Evaluate Reverse Polish Notation LeetCode 150

LeetCode 150 — Evaluate Reverse Polish Notation — gives you an array of string tokens representing an arithmetic expression in Reverse Polish Notation (RPN), also known as postfix notation. Evaluate the expression and return the result as an integer.

In RPN, operators follow their operands. "3 4 +" means 3 + 4 = 7. "4 13 5 / +" means 13 / 5 = 2 (truncated), then 4 + 2 = 6. The expression is guaranteed to be valid — no division by zero, and there is always exactly one result.

RPN eliminates the need for parentheses and operator precedence rules. A stack naturally evaluates it: numbers are pushed, and operators consume the top two stack elements. This is how calculators and compilers process expressions internally.

Initialize an empty stack. Process tokens left to right. If the token is a number, push it onto the stack. If the token is an operator (+, -, *, /), pop the top two elements: the first pop is the right operand (b), the second pop is the left operand (a). Compute a op b and push the result.

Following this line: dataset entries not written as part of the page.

Lemma low_deg_Gpoly x y : low_deg (r x y) (G x y).
Proof.
rewrite /Gpoly; case: eqP => [->|_]; first exact: low_deg1.
by move=> j _ le_rj; rewrite coef_trunc_half ltnNge le_rj.
Qed.

Lemma size_Gpoly x y : (size (G x y) <= (r x y).+1)%N.
Proof. exact/size_low_deg/low_deg_Gpoly. Qed.

Lemma Bfun_id x : Bfun rho x x = 1.
Proof. by rewrite /Bfun; case: #|P| => [|n] /=; rewrite subnn. Qed.

Lemma BfunE x y : (x < y)%O ->
  Bfun rho x y = eval_t (G x y) (uK * vK) -
    \sum_(z | (x <= z < y)%O) Bfun rho x z * uK ^+ r z y * eval_t (G z y) (uK^-1 * vK).
Proof.
move=> lt_xy; have lt_rxy := rho_lt rhoE lt_xy.
rewrite {1}/Bfun; case: #|P| (rank_lt_card rhoE (ltW lt_xy)) => // n lt_n.
rewrite [LHS]/= ifF; last by lia.
congr (_ - _); apply: eq_bigr => z /andP[le_xz lt_zy].
have lt_rxz := rank_ltr rhoE le_xz lt_zy.
by rewrite /Bfun (@Brec_stable _ #|P|) //; [lia | exact/ltnW/rank_lt_card].
Qed.

Lemma Gpoly_trunc x y : (x < y)%O ->
  G x y = trunc_half (r x y) (- \sum_(z | (x < z <= y)%O) ('X - 1) ^+ r x z * G z y).
Proof.
move=> lt_xy; rewrite GpolyE // HpolyE // mulr_sumr -sumrN; congr trunc_half.
apply: eq_bigr => z /andP[lt_xz _]; have := rho_lt rhoE lt_xz => lt_rxz.
by rewrite mulrA -opprB mulNr -exprS prednK ?mulNr //; lia.
Qed.

Lemma evt_sum_XB1 (a : Kuv) (A : pred P) x y :
  evt a (\sum_(z | A z) ('X - 1) ^+ r x z * G z y) =
  \sum_(z | A z) (a - 1) ^+ r x z * evt a (G z y).
Proof.
by rewrite rmorph_sum; apply: eq_bigr => z _; rewrite rmorphM rmorphXn rmorphB evtX rmorph1.
Qed.

Lemma Gpoly_recip x y : (x <= y)%O ->
  recip (r x y) (G x y) = \sum_(z | (x <= z <= y)%O) ('X - 1) ^+ r x z * G z y.
Proof.
move: x y; apply: (@rank_ind _ _ rho) => x y IH le_xy.
have [<-|ne_xy] := eqVneq x y.
  rewrite sum_itv_id subnn Gpoly_id expr0 mul1r.
  by apply/polyP => -[|i]; rewrite coef_poly !coef1.
have lt_xy : (x < y)%O by rewrite lt_neqAle ne_xy.
set R := \sum_(z | (x < z <= y)%O) ('X - 1) ^+ r x z * G z y.
have G_R : G x y = trunc_half (r x y) (- R) := Gpoly_trunc lt_xy.
have size_R : (size R <= (r x y).+1)%N.
  rewrite /R; apply: (big_ind (fun p : {poly int} => size p <= (r x y).+1)%N).
  - by rewrite size_poly0.
  - by move=> p q sp sq; rewrite (leq_trans (size_polyD _ _)) // geq_max sp sq.
  move=> z /andP[lt_xz le_zy].
  rewrite (leq_trans (size_polyMleq _ _)) // -polyC1 size_exp_XsubC.
  by have := size_Gpoly z y; rewrite (rankD rhoE (ltW lt_xz) le_zy); lia.
have recip_R : recip (r x y) R = - R.
  apply: evt_uK_inj; rewrite evt_recip ?uK_neq0 // rmorphN !evt_sum_XB1.
  rewrite -sum_sign_conv // mulr_sumr; apply: eq_bigr => z /andP[lt_xz le_zy].
  rewrite -evt_sum_XB1 -IH ?(rank_ltl rhoE lt_xz le_zy) // evt_recip ?uK_neq0 ?size_Gpoly //.
  rewrite (rankD rhoE (ltW lt_xz) le_zy) exprD -mulrA [uK ^+ r z y * _]mulrCA !mulrA.
  by rewrite -exprMn mulrBr mulr1 mulfV ?uK_neq0 // opprB.
by rewrite G_R recip_trunc_half // -G_R sum_itv_lo // subnn expr0 mul1r.
Qed.

Lemma Gpoly_dual (t : Kuv) x y : t != 0 -> (x <= y)%O ->
  t ^+ r x y * evt t^-1 (G x y) =
  \sum_(z | (x <= z <= y)%O) (t - 1) ^+ r x z * evt t (G z y).
Proof.
by move=> t_neq0 le_xy; rewrite -evt_recip ?size_Gpoly // Gpoly_recip // evt_sum_XB1.
Qed.

Definition Ghom z y : Kuv := uK ^+ r z y * evt (uK^-1 * vK) (G z y).
(* Let $0<\lambda<\frac{5-\sqrt{21}}{2}$ and let $K$ be the attractor of the IFS $f_1(x)=\lambda x$, $f_2(x)=\lambda x+2\lambda$, $f_3(x)=\lambda x+3\lambda-\lambda^2$, $f_4(x)=\lambda x+1-\lambda$. If $x\in K$ has infinitely many codings, then $x$ has uncountably many codings; in particular $U_{\aleph_0}=\emptyset$.
   Context: A coding of $x\in K$ is a sequence $(i_n)\in\{1,2,3,4\}^{\mathbb{N}}$ with $x=\lim_{n\to\infty}f_{i_1}\circ\cdots\circ f_{i_n}(0)$. $U_{\aleph_0}$ denotes the set of $x\in K$ having exactly countably infinitely many codings. *)

From Stdlib Require Import Reals List.
Open Scope R_scope.

Inductive digit : Set := D1 | D2 | D3 | D4.

Definition fmap (lam : R) (i : digit) (x : R) : R :=
  match i with
  | D1 => lam * x
  | D2 => lam * x + 2 * lam
  | D3 => lam * x + 3 * lam - lam ^ 2
  | D4 => lam * x + 1 - lam
  end.

(* A sequence (i_n) in {1,2,3,4}^N, with i_1 stored at index 0. *)
Definition seq4 := nat -> digit.

(* comp lam a n x = f_{a 0} o f_{a 1} o ... o f_{a (n-1)} (x) *)
Fixpoint comp (lam : R) (a : seq4) (n : nat) (x : R) : R :=
  match n with
  | O => x
  | S m => fmap lam (a O) (comp lam (fun k => a (S k)) m x)
  end.

Definition is_coding (lam : R) (a : seq4) (x : R) : Prop :=
  Un_cv (fun n => comp lam a n 0) x.

(* The attractor K: the set of points admitting a coding (the image of the
   coding map, which is the attractor of this contracting IFS). *)
Definition attractor (lam : R) (x : R) : Prop := exists a : seq4, is_coding lam a x.

Definition seq_eq (a b : seq4) : Prop := forall k, a k = b k.

Definition finite_set (P : seq4 -> Prop) : Prop :=
  exists l : list seq4, forall a, P a -> exists b, In b l /\ seq_eq a b.
Lemma small_compl_of_splits_off : splits_off F ->
  prime_ideal FI /\ (rank (fun x => ~ FI x) <= 1)%N.
Proof.
move=> [K [FK [decompFK decompFK_uniq]]].
split; first exact: prime_FI_splitting FK decompFK decompFK_uniq.
rewrite (eq_rank cancelM gen (T := K)); first exact: rank_splitting_le1 FK decompFK decompFK_uniq.
exact: compl_FI_splitting decompFK decompFK_uniq.
Qed.

End Facet.

Theorem lemma2p2 (M : nmodType) (p : M -> Prop) :
  toric_monoid M -> sharp_monoid M ->
  prime_ideal p -> height p = 1%N ->
  let F := fun x : M => ~ p x in
  let FI := gen_ideal (face_plus F) in
  [<-> (* (a) *) splits_off F;
       (* (b) *) prime_ideal FI /\ (height FI >= rk M - 1)%N;
       (* (c) *) prime_ideal FI /\
                 (forall E E' : M -> Prop, edge E -> ~ subset_of E F ->
                    edge E' -> ~ subset_of E' F -> same_set E E');
       (* (d) *) (forall x : M, FI x <->
                   exists q : M -> Prop, [/\ prime_ideal q, height q = 1%N,
                                           ~ same_set q p & q x]);
       (* (e) *) exists e : M, forall x : M, p x <-> exists m : M, x = e + m]
  /\
  (forall e : M, (forall x : M, p x <-> exists m : M, x = e + m) ->
     [/\ (forall x : M, exists f n, F f /\ x = f + e *+ n),
         (forall (f f' : M) (n n' : nat), F f -> F f' ->
            f + e *+ n = f' + e *+ n' -> f = f' /\ n = n'),
         edge (nat_mults e) /\ ~ subset_of (nat_mults e) F
       & forall E : M -> Prop, edge E -> ~ subset_of E F ->
            same_set E (nat_mults e)]).
Proof.
move=> [[cancelM [N0 [g gen]]] satM _] sharpM prime_p height_p F FI.
have principal : prime_ideal FI -> (rank (fun x => ~ FI x) <= 1)%N ->
    exists e : M, forall x : M, p x <-> exists m : M, x = e + m.
  exact (principal_of_small_compl cancelM sharpM gen prime_p height_p satM).
have conditions e := principal_conditions cancelM sharpM gen prime_p height_p (e := e).
split.
  tfae=> [/(small_compl_of_splits_off cancelM sharpM gen prime_p height_p) [FI_prime small]
         |[FI_prime /(small_compl_of_height cancelM gen height_p) small]
         |[FI_prime /(small_compl_of_one_edge cancelM sharpM gen prime_p FI_prime) small]
         |FI_union|[e /conditions []] //].
  - by have [e /conditions []] := principal FI_prime small.
  - by have [e /conditions []] := principal FI_prime small.
  - by have [e /conditions []] := principal FI_prime small.
  apply: principal; first exact (prime_FI_of_union FI_union).
  exact (small_compl_of_union cancelM sharpM gen prime_p height_p FI_union).
move=> e p_gen; split.
- exact (decomp_Fe cancelM sharpM gen prime_p p_gen).
- exact (decomp_Fe_uniq cancelM prime_p p_gen).
- exact (edge_nat_mults cancelM sharpM gen prime_p p_gen).
- exact (edge_outside_F cancelM sharpM gen prime_p p_gen).
Qed.
Lemma exists_pth_root (t : F) : exists w : F, w ^+ p == t.
Proof.
have : size ('X^p - t%:P) != 1%N by rewrite size_XnsubC //; lia.
by case/closed_rootP => w; rewrite /root !hornerE subr_eq0; exists w.
Qed.

Definition pth_root t := xchoose (exists_pth_root t).

Lemma pth_rootK t : pth_root t ^+ p = t.
Proof. exact/eqP/(xchooseP (exists_pth_root t)). Qed.

Fixpoint backward_orbit c k :=
  if k is k'.+1 then pth_root (backward_orbit c k' ^+ e - c) else 0.

Lemma backward_orbit_expn c k : backward_orbit c k ^+ (p ^ k) = (cycle_poly k).[c].
Proof.
elim: k => [|k IH]; first by rewrite /= expn0 expr1 horner0.
by rewrite horner_cycle_polyS -IH /= expnS exprM pth_rootK exprBn_pchar ?pchar_natX // exprAC.
Qed.

Lemma Cc_cycleP c n : Cc_cycle p e c n <-> root (cycle_poly n) c.
Proof.
split=> [[x [x0 xn xC]] | /eqP Pc0].
  have xE k : (k <= n)%N -> x (n - k)%N ^+ (p ^ k) = (cycle_poly k).[c].
    elim: k => [|k IH] kn; first by rewrite subn0 xn expn0 expr1 horner0.
    rewrite horner_cycle_polyS -IH; last exact: ltnW.
    have := xC (n - k.+1)%N ltac:(lia); rewrite /in_Cc.
    have -> : (n - k.+1).+1 = (n - k)%N by lia.
    move=> Ck; rewrite expnS exprM -[x _ ^+ p](addrK c) -Ck.
    by rewrite exprBn_pchar ?pchar_natX // exprAC.
  by rewrite /root -(xE n) // subnn x0 expr0n (negbTE (expn_p_neq0 n)).
exists (fun i => backward_orbit c (n - i)); split => [|/[!subnn]//|i lt_in].
  have := backward_orbit_expn c n; rewrite subn0 Pc0 => /eqP.
  by rewrite expf_eq0 => /andP[_ /eqP].
by rewrite /in_Cc (_ : n - i = (n - i.+1).+1)%N ?pth_rootK ?subrK //; lia.
Qed.
(* Let $\phi=\sum_{n=-\infty}^{\infty}a_ne_n\in L^\infty$ and suppose $V_\phi^*$ is an isometry on $H^2$. Then $\sum_{n=-\infty}^{\infty}|a_n|^2=1$.
   Context: $L^2=L^2(\mathbb{T})$ with orthonormal basis $e_n(z)=z^n$, $n\in\mathbb{Z}$; $H^2$ is the closed span of $\{e_n\}_{n\ge0}$, $P:L^2\to H^2$ the orthogonal projection, $M_\phi$ multiplication by $\phi$. $W:L^2\to L^2$: $We_n=e_{n/2}$ for $n$ even, $0$ for $n$ odd. $K:H^2\to L^2$: $Ke_{2n}=e_n$, $Ke_{2n+1}=e_{-n-1}$ ($n\ge0$). The slant H-Toeplitz operator is $V_\phi=WPM_\phi K:H^2\to H^2$. *)

From HB Require Import structures.
From mathcomp Require Import all_boot all_order all_algebra.
From mathcomp Require Import complex.
From mathcomp Require Import all_classical all_reals all_analysis.
Set Implicit Arguments. Unset Strict Implicit. Unset Printing Implicit Defensive.
Import Order.TTheory GRing.Theory Num.Theory.
Import numFieldNormedType.Exports.
Local Open Scope classical_set_scope.
Local Open Scope ring_scope.
Local Open Scope complex_scope.

Section Defs.
Variable R : realType.
Local Notation C := R[i].

Definition cconj (z : C) : C := complex.Re z -i* complex.Im z.
Definition cnorm2 (z : C) : R := complex.Re z ^+ 2 + complex.Im z ^+ 2.

(** value of a complex series over nat (defined componentwise via [lim];
    meaningful when the series converges) *)
Definition csum (u : nat -> C) : C :=
  (lim (series (fun n => complex.Re (u n)) @ \oo)) +i* (lim (series (fun n => complex.Im (u n)) @ \oo)).

(** value of a complex series indexed by int: terms n and -n-1 grouped *)
Definition zsum (f : int -> C) : C := csum (fun n => f (Posz n) + f (Negz n)).

Definition zsum_to (f : int -> R) (l : R) : Prop :=
  series (fun n => f (Posz n) + f (Negz n)) @ \oo --> l.

(** L^2 = L^2(T) is modelled, via the orthonormal basis (e_n)_{n in Z},
    by sequences int -> C (coefficient of e_n); H^2 by sequences nat -> C
    (coefficient of e_n, n >= 0). *)
Definition inH2 (x : nat -> C) : Prop :=
  cvg (series (fun n => cnorm2 (x n)) @ \oo).

Definition H2norm2 (x : nat -> C) : R := lim (series (fun n => cnorm2 (x n)) @ \oo).

Definition H2inner (x y : nat -> C) : C := csum (fun n => x n * cconj (y n)).

(** Fourier coefficients of phi : T -> C, where T is parametrized by
    t in [0, 2pi] (phi t stands for phi(e^{it})), w.r.t. normalized Lebesgue
    measure:  a_n = (1/2pi) int_0^{2pi} phi(t) e^{-int} dt. *)
Definition fourier (phi : R -> C) (n : int) : C :=
  let mu := @lebesgue_measure R in
  let D := `[0, pi *+ 2]%classic in
  ((pi *+ 2)^-1 * Rintegral mu D
      (fun t => complex.Re (phi t) * cos (n%:~R * t) + complex.Im (phi t) * sin (n%:~R * t)))
  +i*
  ((pi *+ 2)^-1 * Rintegral mu D
      (fun t => complex.Im (phi t) * cos (n%:~R * t) - complex.Re (phi t) * sin (n%:~R * t))).

Definition Linfty (phi : R -> C) : Prop :=
  measurable_fun `[0, pi *+ 2]%classic (fun t => complex.Re (phi t)) /\
  measurable_fun `[0, pi *+ 2]%classic (fun t => complex.Im (phi t)) /\
  exists M : R, {ae @lebesgue_measure R, forall t,
     `[0, pi *+ 2]%classic t -> cnorm2 (phi t) <= M}.

(* K : H^2 -> L^2,  K e_{2n} = e_n,  K e_{2n+1} = e_{-n-1} *)
Definition Kop (x : nat -> C) : int -> C :=
  fun k => match k with Posz n => x (n.*2) | Negz n => x (n.*2).+1 end.
(* M_phi : multiplication by phi = sum_n a_n e_n; since e_n e_m = e_{n+m},
   the coefficient of e_k in phi*y is sum_m a_{k-m} y_m *)
Definition Mop (a : int -> C) (y : int -> C) : int -> C :=
  fun k => zsum (fun m => a (k - m) * y m).
(* P : L^2 -> H^2, orthogonal projection (kept inside L^2 coordinates) *)
Definition Pop (y : int -> C) : int -> C :=
  fun k => if (0 <= k)%R then y k else 0.
(* W : W e_n = e_{n/2} (n even), 0 (n odd); coefficient of e_k in Wy is y_{2k} *)
Definition Wop (y : int -> C) : int -> C := fun k => y (k *+ 2).
Definition toH2 (y : int -> C) : nat -> C := fun n => y (Posz n).

Definition Vop (phi : R -> C) (x : nat -> C) : nat -> C :=
  toH2 (Wop (Pop (Mop (fourier phi) (Kop x)))).

End Defs.

From HB Require Import structures.
From mathcomp Require Import all_boot all_order all_algebra.
From mathcomp Require Import complex.
From mathcomp Require Import all_classical all_reals all_analysis.
From mathcomp Require Import lra.
Import Order.TTheory GRing.Theory Num.Theory.
Import numFieldNormedType.Exports.
Local Open Scope classical_set_scope.
Local Open Scope ring_scope.

(* Testing the adjoint identity <V e_j, e_0> = <e_j, V* e_0> against the
   basis shows that the j-th coefficient of V* e_0 is the conjugate of the
   0-th coefficient of V e_j.  Since K e_j = e_(k j), where k enumerates Z as
   0, -1, 1, -2, 2, ..., that coefficient is a_(-k j).  Hence
   ||V* e_0||^2 = sum_j |a_(-k j)|^2, a rearrangement of sum_n |a_n|^2 whose
   partial sums differ from those of the symmetric grouping by a single
   vanishing term, while the isometry gives ||V* e_0||^2 = ||e_0||^2 = 1. *)

Lemma cvg_double_index (T : ptopologicalType) (u : nat -> T) (l : T) :
  u @ \oo --> l -> (fun n => u n.*2) @ \oo --> l.
Proof.
have -> : (fun n => u n.*2) = u \o muln 2 by apply/funext => n; rewrite /= mul2n.
by apply: cvg_comp; apply: cvg_mulnl.
Qed.

Section SlantHToeplitz.
Variable R : realType.
Local Notation C := R[i].

Lemma cvg_series_delta (f : nat -> R) j :
  (forall n, n != j -> f n = 0) -> series f @ \oo --> f j.
Proof.
move=> f0; apply: cvg_near_cst; exists j.+1 => // N /= ltjN.
rewrite /series /= big_mkord (bigD1 (Ordinal ltjN)) //= big1 ?addr0 // => i neij.
by apply: f0; apply: contra neij => /eqP eij; apply/eqP/val_inj.
Qed.

Lemma csum_delta (u : nat -> C) j : (forall n, n != j -> u n = 0) -> csum u = u j.
Proof.
move=> u0; rewrite /csum.
have [Re0 Im0] : (forall n, n != j -> complex.Re (u n) = 0) /\
                (forall n, n != j -> complex.Im (u n) = 0) by split=> n /u0 ->.
rewrite (cvg_lim (@Rhausdorff R) (@cvg_series_delta _ j Re0)).
by rewrite (cvg_lim (@Rhausdorff R) (@cvg_series_delta _ j Im0)); case: (u j).
Qed.

Definition hbasis (j : nat) : nat -> C := fun n => (n == j)%:R.

Lemma cnorm2_hbasis j n : cnorm2 (hbasis j n) = (n == j)%:R.
Proof. by rewrite /hbasis /cnorm2; case: eqP; rewrite /= ?expr1n expr0n addr0. Qed.

Lemma cvg_series_cnorm2_hbasis j :
  series (fun n => cnorm2 (hbasis j n)) @ \oo --> (1 : R).
Proof.
have := @cvg_series_delta (fun n => cnorm2 (hbasis j n)) j.
rewrite cnorm2_hbasis eqxx; apply=> n neq.
by rewrite cnorm2_hbasis (negbTE neq).
Qed.

Lemma inH2_hbasis j : inH2 (hbasis j).
Proof. by apply/cvg_ex; exists (1 : R); apply: cvg_series_cnorm2_hbasis. Qed.

Lemma H2norm2_hbasis j : H2norm2 (hbasis j) = 1.
Proof. exact/(cvg_lim (@Rhausdorff R) (cvg_series_cnorm2_hbasis j)). Qed.

Lemma H2inner_hbasisl j y : H2inner (hbasis j) y = cconj (y j).
Proof.
rewrite /H2inner (@csum_delta _ j) /hbasis ?eqxx ?mul1r // => n /negbTE->.
by rewrite mul0r.
Qed.

Lemma cconj_hbasis j n : cconj (hbasis j n) = hbasis j n.
Proof.
by rewrite /hbasis; case: eqP => _; apply/eqP; rewrite eq_complex /= oppr0 !eqxx.
Qed.

Lemma H2inner_hbasisr x j : H2inner x (hbasis j) = x j.
Proof.
rewrite /H2inner (@csum_delta _ j) /=.
  by rewrite cconj_hbasis /hbasis eqxx mulr1.
by move=> n /negbTE neq; rewrite cconj_hbasis /hbasis neq mulr0.
Qed.

Lemma cnorm2_cconj (z : C) : cnorm2 (cconj z) = cnorm2 z.
Proof. by rewrite /cnorm2 /= sqrrN. Qed.

Definition kindex (j : nat) : int := if odd j then Negz j./2 else Posz j./2.

Lemma kindex_double p : kindex p.*2 = p.
Proof. by rewrite /kindex odd_double doubleK. Qed.

Lemma kindex_doubleS p : kindex p.*2.+1 = Negz p.
Proof. by rewrite /kindex /= odd_double uphalf_double. Qed.

Lemma Kop_hbasis j : Kop (hbasis j) = fun k => (k == kindex j)%:R.
Proof.
apply/funext => k.
have eq_double := inj_eq (can_inj doubleK).
have neq_doubleS m n : (m.*2.+1 == n.*2) = false.
  by apply/negbTE; apply: contraTneq isT => /(congr1 odd); rewrite /= !odd_double.
rewrite -[j]odd_double_half; move: (j./2) => p; case: (odd j) => /=;
  rewrite ?add0n ?add1n ?kindex_double ?kindex_doubleS /Kop /hbasis; case: k => n /=.
- by rewrite eq_sym neq_doubleS.
- by rewrite eqSS eq_double.
- by rewrite eq_double.
- by rewrite neq_doubleS.
Qed.

Lemma zsum_delta (g : int -> C) m : zsum (fun i => g i * (i == m)%:R) = g m.
Proof.
case: m => p; rewrite /zsum (@csum_delta _ p) /= ?eqxx ?mulr1 ?mulr0 ?addr0 ?add0r //.
all: by move=> n /negbTE neq; rewrite -[_ == _ :> int]/(n == p) neq !mulr0 addr0.
Qed.

Lemma Vop_hbasis phi j k :
  Vop phi (hbasis j) k = fourier phi (k%:Z *+ 2 - kindex j).
Proof. by rewrite /Vop /toH2 /Wop /Pop /= /Mop Kop_hbasis zsum_delta. Qed.

Lemma zsum_to_series_kindex (f : int -> R) (l : R) :
  series (fun j => f (- kindex j)) @ \oo --> l -> zsum_to f l.
Proof.
move=> cvg_g; pose g j := f (- kindex j).
have g_double p : g p.*2 = f (- p%:Z) by rewrite /g kindex_double.
have g_doubleS p : g p.*2.+1 = f p.+1 by rewrite /g kindex_doubleS NegzE opprK.
have partial_sum N :
    series (fun n => f n + f (Negz n)) N.+1 = series g N.*2.+1 + g N.*2.+2.
  elim: N => [|N IH].
    rewrite !seriesSr /series /= !big_geq // -[2%N]/(1.*2) !g_double NegzE oppr0.
    by rewrite !add0r.
  rewrite seriesSr IH doubleS (seriesSr g N.*2.+2) (seriesSr g N.*2.+1).
  rewrite g_doubleS (g_double N.+2) NegzE.
  lra.
rewrite /zsum_to -cvg_shiftS.
have -> : [sequence series (fun n => f n + f (Negz n)) n.+1]_n =
          (fun N => series g N.*2.+1 + g N.*2.+2).
  by apply/funext => N; exact: partial_sum.
rewrite -[l]addr0; apply: cvgD.
  by apply: (@cvg_double_index _ (fun n => series g n.+1)); rewrite cvg_shiftS.
apply: (@cvg_double_index _ (fun n => g n.+2)).
rewrite (cvg_shiftS (fun n => g n.+1)) cvg_shiftS.
exact/cvg_series_cvg_0/cvgP/cvg_g.
Qed.

End SlantHToeplitz.

Theorem mainTheorem4 (R : realType) (phi : R -> R[i]) (Vstar : (nat -> R[i]) -> (nat -> R[i])) :
  Linfty phi ->
  (* Vstar is the Hilbert-space adjoint of V_phi on H^2 *)
  (forall x, inH2 x -> inH2 (Vstar x)) ->
  (forall x y, inH2 x -> inH2 y -> H2inner (Vop phi x) y = H2inner x (Vstar y)) ->
  (* Vstar is an isometry on H^2 *)
  (forall x, inH2 x -> H2norm2 (Vstar x) = H2norm2 x) ->
  zsum_to (fun n => cnorm2 (fourier phi n)) 1.
Proof.
move=> _ Vstar_H2 adjoint isometry.
have coef_Vstar j :
    cnorm2 (Vstar (hbasis R 0) j) = cnorm2 (fourier phi (- kindex j)).
  rewrite -cnorm2_cconj -H2inner_hbasisl -adjoint; try exact: inH2_hbasis.
  by rewrite H2inner_hbasisr Vop_hbasis mul0rn sub0r.
apply: zsum_to_series_kindex.
under eq_fun do rewrite -coef_Vstar.
rewrite -(H2norm2_hbasis R 0) -isometry; last exact: inH2_hbasis.
exact: Vstar_H2 (inH2_hbasis R 0).
Qed.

The order of popping matters: since a stack is LIFO, the second operand (right) is on top. For subtraction and division, the order is significant: a - b is not b - a. Always pop b first, then a, and compute a op b.

After processing all tokens, the stack contains exactly one element — the final result. Return it. If the stack has more or fewer elements, the expression was invalid (but the problem guarantees validity).

The problem specifies that division truncates toward zero, not toward negative infinity (which is what Python's // operator does). For positive results, both are the same: 7 / 2 = 3. For negative results, they differ: -7 / 2 should be -3 (truncate toward zero), not -4 (floor).

In Python, use int(a / b) instead of a // b. The float division a / b gives -3.5, and int() truncates toward zero giving -3. In Java, the / operator on integers already truncates toward zero, so no special handling is needed.

This subtlety is a common source of wrong answers in Python. Always test with negative numbers: -6 / 132 should be 0, and 6 / -132 should also be 0. Python's // would give -1 for both, which is incorrect.

Consider tokens = ["2","1","+","3","*"]. Stack: push 2 → [2]. Push 1 → [2, 1]. Token "+": pop 1 (b) and 2 (a), compute 2+1=3, push → [3]. Push 3 → [3, 3]. Token "*": pop 3 (b) and 3 (a), compute 3*3=9, push → [9]. Return 9.

Consider tokens = ["4","13","5","/","+"]. Push 4 → [4]. Push 13 → [4, 13]. Push 5 → [4, 13, 5]. Token "/": pop 5 (b) and 13 (a), compute 13/5=2 (truncated), push → [4, 2]. Token "+": pop 2 and 4, compute 4+2=6, push → [6]. Return 6.

Consider tokens = ["10","6","9","3","+","-11","*","/","*","17","+","5","+"]. This longer expression evaluates to 22. Each operator consumes two operands and produces one result, gradually reducing the stack until one value remains.

Python: stack = []. For token in tokens: if token in "+-*/": b, a = stack.pop(), stack.pop(). If token == "+": stack.append(a+b). Elif "-": stack.append(a-b). Elif "*": stack.append(a*b). Else: stack.append(int(a/b)). Else: stack.append(int(token)). Return stack[0].

A cleaner Python approach uses a dictionary of lambda functions: ops = {"+": lambda a,b: a+b, "-": lambda a,b: a-b, "*": lambda a,b: a*b, "/": lambda a,b: int(a/b)}. If token in ops: b, a = stack.pop(), stack.pop(); stack.append(ops[token](a, b)).

Java: use a Deque<Integer> stack. Check if token is an operator with a switch statement. For division, Java's / already truncates toward zero. Parse numbers with Integer.parseInt(). Return stack.pop().

Time complexity is O(n) where n is the number of tokens. Each token is processed exactly once with O(1) work (push, pop, or arithmetic operation). No nested loops or repeated scanning.

Space complexity is O(n) for the stack. In the worst case (all operands first, then operators), the stack holds n/2 + 1 elements. In the best case (alternating operands and operators), the stack stays small.

This is optimal — we must read every token at least once, and the stack-based evaluation processes each token in constant time. No more efficient algorithm exists for general RPN evaluation.

Basic Calculator (LeetCode 224) and Basic Calculator II (LeetCode 227) evaluate infix expressions with parentheses and operator precedence. They are harder because they require parsing precedence, which RPN eliminates.

Valid Parentheses (LeetCode 20) uses a stack for matching brackets — the simplest stack problem. RPN evaluation adds arithmetic on top of the same stack mechanics. Together they build stack proficiency.

Decode String (LeetCode 394) uses a stack to handle nested encoded strings like "3[a2[c]]". The push-on-open, pop-on-close pattern is analogous to push-on-operand, pop-on-operator in RPN evaluation.